Quand Maurice Pottecher inaugura le Théâtre du Peuple en 1895, son objectif était de proposer soudain, dans un contexte où la culture était quasiment inaccessible, une pièce qui
parlerait à tous, ouvriers, bourgeois, paysans, intellectuels…
Pendant plus de soixante ans, il inventa une œuvre qui tirait sa sève de la spécificité du public auquel il voulait d’adresser, en assumant et profitant des contingences
historiques locales. Le Théâtre du Peuple se développa et rayonna grâce à ce geste poétique dont l’humanisme était la racine.
Le contexte sociologique et culturel est bien différent 113 ans après, mais le Théâtre du Peuple reste un lieu qui réclame des inventions originales, des pièces qui revendiquent
moins l’universalité que la justesse de proposition dans un lieu donné, à une époque précise. Je suis convaincu que c’est en fouillant cette pertinence que le public le plus vaste
pourra se sentir concerné par les spectacles de ce théâtre mythique.
Et c’est dans cette optique du « sur mesure » - tout comme en 2007 Les affreuses, conte moderne onirique écrit et mis en scène par moi-même - que j’ai sollicité Rémi
De Vos pour imaginer une pièce qui s’empare du monde moderne pour le traditionnel spectacle de l’après-midi : Le ravissement d’Adèle.
La musique sera pour moi un axe supplémentaire de narration. Interprétée par Olivier Martin-Salvan et un autre musicien (distribution encore en cours), l’environnement sonore et
musical dialoguera par un subtil mélange de création contemporaine, de musique classique et de mélodies ludiques, avec la poésie et le mystère du texte de Rémi De Vos.
Pierre Guillois
La pièce est en cours d’écriture. Elle fera pour finir dans les 200 pages. Il s’agit d’un matériau-texte pour une scénographie particulière.
Voilà comme je vois les choses : les différents espaces privés cohabitent sur scène. Quand l’action se concentre sur un espace précis (les lieux où ça parle), l’action dans
les autres lieux se déroule en mode mineur.
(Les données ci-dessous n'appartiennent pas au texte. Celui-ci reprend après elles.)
(* Let $\varSigma$ be a $2k$-dimensional rational sphere on vertex set $[n]$ with vertex coordinates $v_i\in\mathbb{R}^{2k+1}$ forming a linear system of parameters, and suppose $\mathcal{A}^*(\varSigma)$ has the hard Lefschetz property. Then for every subcomplex $\varDelta$ of $\varSigma$ (with the restricted coordinates), $$\kappa_k(\varSigma,\varDelta)\ \le\ \kappa_{k+1}(\varSigma,\varDelta),$$ where $\kappa_i(\varSigma,\varDelta)=\dim\mathrm{coker}\big[\mathcal{A}_i(\varDelta)\to\mathcal{A}_i(\varSigma)\big]$.
   Context: A $2k$-dimensional rational sphere is a simplicial complex which is a rational homology manifold with the rational homology of $S^{2k}$. Let $d=2k+1$. For a simplicial complex $\varGamma$ on vertices from $[n]$ with coordinates $v_i=(v_{i,1},\dots,v_{i,d})\in\mathbb{R}^d$, let $\mathbb{R}[y_1,\dots,y_n]$ be a polynomial ring on which $x_i$ acts by $\partial/\partial y_i$. The stress space $\mathcal{A}_i(\varGamma)$ is the space of homogeneous degree-$i$ polynomials $p(y)$ such that $m(\partial/\partial y)p=0$ for every monomial $m(x)$ whose support is not a face of $\varGamma$, and $\sum_{r}v_{r,j}\,\partial p/\partial y_r=0$ for $j=1,\dots,d$. Since $\varDelta\subset\varSigma$, every stress of $\varDelta$ is a stress of $\varSigma$, giving the inclusion $\mathcal{A}_i(\varDelta)\to\mathcal{A}_i(\varSigma)$. $\mathcal{A}^*(\varSigma)=\mathbb{R}[\varSigma]/(\theta_1,\dots,\theta_d)$ with $\theta_j=\sum_iv_{i,j}x_i$ and $\mathbb{R}[\varSigma]$ the face ring. The hard Lefschetz property means there is $\ell\in\mathcal{A}^1(\varSigma)$ with multiplication by $\ell^{d-2j}:\mathcal{A}^j(\varSigma)\to\mathcal{A}^{d-j}(\varSigma)$ an isomorphism for all $j\le d/2$. *)

From HB Require Import structures.
From mathcomp Require Import all_boot all_order all_algebra.
From mathcomp Require Import mpoly.
From mathcomp Require Import reals.
From Stdlib Require Import ClassicalDescription.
La difficulté (une des difficultés!) est qu’il est fortement souhaitable que cela parle en même temps dans différents espaces - mais moins, beaucoup moins, des phrases courtes -
et à des moments bien définis qui ne gêneront pas le cours du jeu. (A un moment, ils se mettront tous à parler en même temps, et l’on ne comprendra rien !) C’est un des
aspects de la pièce que je ne pourrai aborder qu’avec Pierre et les acteurs en cours de répétition. Les espaces seront habités ou pas selon les décisions de mise en scène prises
durant le travail sur le plateau. J’imagine pas mal de mouvements, d’entrées et de sorties, de croisements… On ne pourra comprendre certaines choses énoncées dans un espace qu’à
partir d’actions silencieuses aperçues dans d’autres, avant ou après l’énonciation. C’est un travail qui demandera une extrême précision dans l’écriture et la mise en scène et
beaucoup de concentration de la part des acteurs qui joueront la pièce.